◆ **Instructions for the task**
All that should be output is the block of lines below from the line with "path.cycle r (lex3 F d n L)." to the line with "by rewrite /row -(prednK L0) last_map_iota.", both included, exactly as written.

◆ **Dataset excerpts**
(* Let $G$ be a finite group, $S$ a generating set of $G$, and $s \in S$. Suppose that (i) $\langle s \rangle$ is a normal subgroup of $G$; (ii) the order $|s|$ divides $pq$, where $p$ and $q$ are distinct primes; (iii) $s^p \in Z(G)$; (iv) $q$ divides $|G/\langle s \rangle|$; and (v) $\mathrm{Cay}(G/\langle s \rangle; S)$ has a hamiltonian cycle. Then $\mathrm{Cay}(G;S)$ has a hamiltonian cycle.
   Context: For a group $G$ and a subset $S \subseteq G$, the Cayley graph $\mathrm{Cay}(G;S)$ has vertex set $G$, with $g$ adjacent to $gs$ for every $g \in G$ and $s \in S \cup S^{-1}$. For a normal subgroup $N$ of $G$, $\mathrm{Cay}(G/N;S)$ denotes the Cayley graph of $G/N$ with respect to the image of $S$ in $G/N$. $Z(G)$ is the center of $G$. *)

From mathcomp Require Import all_boot all_order all_fingroup all_solvable.
Set Implicit Arguments. Unset Strict Implicit. Unset Printing Implicit Defensive.
Local Open Scope group_scope.

Definition cay_adj (T : finGroupType) (A : {set T}) : rel T :=
  fun x y => [exists a in A, (y == x * a) || (y == x * a^-1)].

Definition cay_hamiltonian (T : finGroupType) (V A : {set T}) : Prop :=
  exists c : seq T, [/\ uniq c, V =i c & path.cycle (cay_adj A) c].

From mathcomp Require Import all_boot all_fingroup all_solvable.
From mathcomp Require Import zify.
Set Implicit Arguments. Unset Strict Implicit. Unset Printing Implicit Defensive.

(* A hamiltonian cycle of
   Cay(G/N; S) lifts to a walk v_0, ..., v_n in G with v_(i+1) = v_i t_i,
   t_i in S or S^-1, whose first n vertices form a transversal of N; so
   #|G| = n #[s].  Conjugation by v_i^-1 acts on N by s |-> s ^+ e_i, and the
   twist s ^+ (e_0 + ... + e_(n-1)) is what one extra s-step per coset adds
   to the endpoint of the walk.
   - If the twist is 1, spend L - 1 s-steps in every coset before following
     t_i (L the index of <[v_n v_0^-1]> in N): the passes through the cosets
     are left translates by powers of v_n v_0^-1 and #[v_n v_0^-1] of them
     form a hamiltonian cycle (a factor group lemma argument).
   - Otherwise the twist is central (left multiplication permutes the cosets)
     of order p (as s ^+ p is central and q | n); with #[s] | pq this forces
     s to be central, and the n x #[s] grid of cosets with n >= q >= 2 has a
     hamiltonian "snake". *)

Section SeqWalks.
Variable T : Type.
Implicit Types (r : rel T) (f : nat -> T) (B : nat -> seq T).

Lemma path_map_iota r f x m n :
  (0 < n -> r x (f m)) ->
  (forall b, m <= b -> b.+1 < m + n -> r (f b) (f b.+1)) ->
  path r x [seq f b | b <- iota m n].
Proof.
elim: n x m => [|n IH] x m //= rx rf.
rewrite rx //=; apply: IH => [n0|b mb bn]; apply: rf; lia.
Qed.

Lemma last_map_iota f x m n : last x [seq f b | b <- iota m n.+1] = f (m + n).
Proof.
elim: n x m => [|n IH] x m /=; first by rewrite addn0.
by have := IH (f m) m.+1; rewrite /= => ->; rewrite addSnnS.
Qed.

Lemma path_flatten_iota r B x m n :
  (0 < n -> path r x (B m)) ->
  (forall j y, m <= j -> j.+1 < m + n -> path r (last y (B j)) (B j.+1)) ->
  path r x (flatten [seq B j | j <- iota m n]).
Proof.
elim: n x m => [|n IH] x m //= Bx BB.
rewrite cat_path Bx //=; apply: IH => [n0|j y mj jn]; apply: BB; lia.
Qed.

Lemma last_flatten_iota B x y m n :
  0 < size (B (m + n)) ->
  last x (flatten [seq B j | j <- iota m n.+1]) = last y (B (m + n)).
Proof.
rewrite -[n.+1]addn1 iotaD map_cat flatten_cat last_cat /= cats0.
by case: (B (m + n)).
Qed.

Lemma size_flatten_const B (s : seq nat) c :
  (forall j, j \in s -> size (B j) = c) ->
  size (flatten [seq B j | j <- s]) = size s * c.
Proof.
elim: s => [|j s IH] //= sizeB; rewrite size_cat sizeB ?mem_head // IH //.
by move=> j' s_j'; apply: sizeB; rewrite inE s_j' orbT.
Qed.

End SeqWalks.

Lemma uniq_flatten_disjoint (T : eqType) (B : nat -> seq T) (s : seq nat) :
  uniq s -> (forall j, j \in s -> uniq (B j)) ->
  (forall j j' x, j \in s -> j' \in s -> x \in B j -> x \in B j' -> j = j') ->
  uniq (flatten [seq B j | j <- s]).
Proof.
elim: s => [|j s IH] //= /andP[js Us] uB disjB.
have uB' j' : j' \in s -> uniq (B j') by move=> j's; apply: uB; rewrite inE j's orbT.
have disjB' j1 j2 x : j1 \in s -> j2 \in s -> x \in B j1 -> x \in B j2 -> j1 = j2.
  by move=> j1s j2s; apply: disjB; rewrite inE ?j1s ?j2s orbT.
rewrite cat_uniq uB ?mem_head // IH // andbT.
apply/hasPn => x /flatten_mapP[j' j's xB]; apply/negP => xBj.
have j'_eq : j = j' by apply: disjB xBj xB; rewrite ?mem_head // inE j's orbT.
by rewrite j'_eq j's in js.
Qed.

Definition lex3 (T : Type) (F : nat -> nat -> nat -> T) (d n L : nat) : seq T :=
  flatten [seq flatten [seq [seq F a i b | b <- iota 0 L] | i <- iota 0 n]
          | a <- iota 0 d].

Section Lex3.
Variables (T : Type) (F : nat -> nat -> nat -> T) (d n L : nat).

Lemma size_lex3 : size (lex3 F d n L) = d * (n * L).
Proof.
rewrite /lex3 (@size_flatten_const _ _ _ (n * L)) ?size_iota // => a _.
rewrite (@size_flatten_const _ _ _ L) ?size_iota // => i _.
by rewrite size_map size_iota.
Qed.

Lemma cycle_lex3 (r : rel T) :
  0 < d -> 0 < n -> 0 < L ->
  (forall a i b, a < d -> i < n -> b.+1 < L -> r (F a i b) (F a i b.+1)) ->
  (forall a i, a < d -> i.+1 < n -> r (F a i L.-1) (F a i.+1 0)) ->
  (forall a, a.+1 < d -> r (F a n.-1 L.-1) (F a.+1 0 0)) ->
  r (F d.-1 n.-1 L.-1) (F 0 0 0) ->
  path.cycle r (lex3 F d n L).
Proof.
move=> d0 n0 L0 stepb stepi stepa wrap.
pose row a i := [seq F a i b | b <- iota 0 L].
pose pass a := flatten [seq row a i | i <- iota 0 n].
have last_row a i y : last y (row a i) = F a i L.-1.
  by rewrite /row -(prednK L0) last_map_iota.
have last_pass a y : last y (pass a) = F a n.-1 L.-1.
  rewrite /pass -{1}(prednK n0) (last_flatten_iota _ y) ?add0n ?last_row //.
  by rewrite size_map size_iota.
have path_pass a x : a < d -> r x (F a 0 0) -> path r x (pass a).
  move=> ad rx; apply: path_flatten_iota => [_|i y _ i_lt].
    by apply: path_map_iota => // b _ bL; apply: stepb.
  rewrite last_row; apply: path_map_iota => [_|b _ bL]; first exact: stepi.
  by apply: stepb => //; lia.
rewrite /lex3 -/pass (cycle_path (F 0 0 0)) -{1}(prednK d0).
rewrite (last_flatten_iota _ (F 0 0 0)) ?add0n ?last_pass; last first.
  by rewrite /pass (@size_flatten_const _ _ _ L) ?size_iota ?muln_gt0 ?n0 //
     => i _; rewrite size_map size_iota.
apply: path_flatten_iota => [_|a y _ a_lt]; first exact: path_pass.
by rewrite last_pass; apply: path_pass => //; apply: stepa.
Qed.

End Lex3.

Lemma mem_lex3 (T : eqType) (F : nat -> nat -> nat -> T) d n L x :
  x \in lex3 F d n L -> exists a i b, [/\ a < d, i < n, b < L & x = F a i b].
Proof.
case/flatten_mapP => a; rewrite mem_iota => /andP[_ ad] /flatten_mapP[i].
rewrite mem_iota => /andP[_ i_n] /mapP[b]; rewrite mem_iota => /andP[_ bL] ->.
by exists a, i, b.
Qed.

◆ **Solution for this exercise**
  path.cycle r (lex3 F d n L).
Proof.
move=> d0 n0 L0 stepb stepi stepa wrap.
pose row a i := [seq F a i b | b <- iota 0 L].
pose pass a := flatten [seq row a i | i <- iota 0 n].
have last_row a i y : last y (row a i) = F a i L.-1.
  by rewrite /row -(prednK L0) last_map_iota.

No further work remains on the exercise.